The conversation happened after a meeting between Likud and Blue and White teams on Sunday did not go well.
“The Likud is very disappointed that Blue and White was unwilling to compromise,” the party said after Sunday morning’s meeting.
Blue and White blamed the lack of progress on the Likud for not giving up its demand to negotiate as a bloc of 55 MKs on the Right.
“Unfortunately, the Likud is sticking with its ‘Netanyahu comes first’ precondition,” a Blue and White spokeswoman said. “Likud is insisting on sticking with its bloc of 55 MKs and empty slogans that will result in Netanyahu dragging Israel into an unnecessary third election. Israel deserves a broad, liberal unity government under Gantz and we will continue to work for this goal.”
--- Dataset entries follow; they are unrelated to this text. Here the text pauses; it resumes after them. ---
(* With [a], [b] the points of [Z] at [w] and [mu = lam2 / lam1], the point
   [x] solves [lam1 *: x + x1 = lam2 *: (2c - x) + x2]; then for the vertex [v]
   of [conv_hull_midpoint_vertex x] we get [lam1 *: v + x1 = lam2 *: z + x2] with
   [z = 2c - x + mu^-1 *: (v - x)], a convex combination of reflections. *)
Lemma homothet_meet_vertex lam1 lam2 x1 x2 w : 0 < lam1 -> lam1 <= lam2 ->
    homothet Z lam1 x1 w -> homothet Z lam2 x2 w ->
  exists v, is_vertex Z v /\ homothet Z lam2 x2 (lam1 *: v + x1).
Proof.
move=> lam1_gt0 lam12 [a Za wE] [b Zb wE']; have [c _ Zrefl] := conv_hull_center.
set mu := lam2 / lam1; have mu1 : 1 <= mu by rewrite ler_pdivlMr // mul1r.
set x := (1 + mu)^-1 *: a + (1 - (1 + mu)^-1) *: (2%:R *: c - b).
have Zx : Z x.
  apply: conv_hull_convex => //; first exact: Zrefl.
  by rewrite invr_ge0 invf_le1 ?ler_wpDr //; lra.
have [v [Vv Zr]] := conv_hull_midpoint_vertex Zx; exists v; split=> //.
set z := (1 - mu^-1) *: (2%:R *: c - x) +
          (1 - (1 - mu^-1)) *: (2%:R *: c - (2%:R *: x - v)).
have Zz : Z z.
  apply: conv_hull_convex; [exact: Zrefl | exact: Zrefl |].
  have : 0 < mu^-1 <= 1 by rewrite invr_gt0 invf_le1; lra.
  by case/andP=> ? ?; apply/andP; split; lra.
exists z => //; have -> : x1 = lam2 *: b + x2 - lam1 *: a by rewrite wE' -wE addrAC subrr add0r.
rewrite /z /x /mu; apply/rowP => i; rewrite !mxE; field.
by rewrite !gt_eqF //=; lra.
Qed.

End HomothetsMeet.
(* [M (x) X] glues eight copies of [X], scaled by 1/3, along the images of their boundary
   squares; the boundary point [S p] of the copy [m] sits at the position [glob m p = (m + p)/3]
   of the unit square.  Along a chain this position moves, in the l1 norm, by at most the cost
   of the chain: by (sq2) inside a copy, and by the l1 diameter 2 of the square when switching
   copies.  Hence the quotient distance of boundary points dominates the l1 distance of their
   positions, which gives (sq2) and the injectivity of [S] for [M (x) X].  A point off the
   boundary stays at positive distance from the compact set [S(M0)], so the quotient
   pseudometric is a metric, and (sq1) follows by gluing the three thirds of each side.

   In the colimit [C] every point comes from some [A k], because the image of the cocone is
   itself a cocone.  Given a cocone [g k : M (x) A k -> Y], for each cell [m] the maps
   [x |-> g k (m (x) x)] are 1/3-Lipschitz; paired with [c k] they form a cocone into a square
   metric space, whence a 1/3-Lipschitz [F m : C -> Y].  The [F m] agree on glued points and so
   assemble into the unique short map [M (x) C -> Y]. *)

From Stdlib Require Import Reals Lra Relations ClassicalEpsilon Classical.
From Stdlib Require Import FunctionalExtensionality PropExtensionality ProofIrrelevance.
From Stdlib Require Rtopology.
From Coquelicot Require Import Rbar Lub.
Open Scope R_scope.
Likud complained that Blue and White did not answer the question of whether Netanyahu could start out as prime minister as part of a compromise initiated by Rivlin. Likud officials said no progress could be made because Gantz was abroad.
Rivlin’s compromise is meant to resolve the issue of Blue and White promising not to sit in a Netanyahu-led government as long as he is under a recommended indictment or under indictment. The law currently allows for a minister to take the prime minister’s place if he is incapacitated, for up to 100 days. Rivlin suggested it be amended to create an official position of vice prime minister, add indictment to a possible reason for the vice prime minister to take over, and to extend the replacement period to be indefinite. Netanyahu nodded when Rivlin described this proposal last week.
Rivlin also suggested a “parity government,” meaning that the government portfolios would be split evenly between the right-wing bloc and Blue and White. This way, Blue and White, with 33 seats, would have equal executive power to the 55-seat Right. This is meant to resolve Blue and White’s rejection of the Likud negotiating in the name of the entire Right.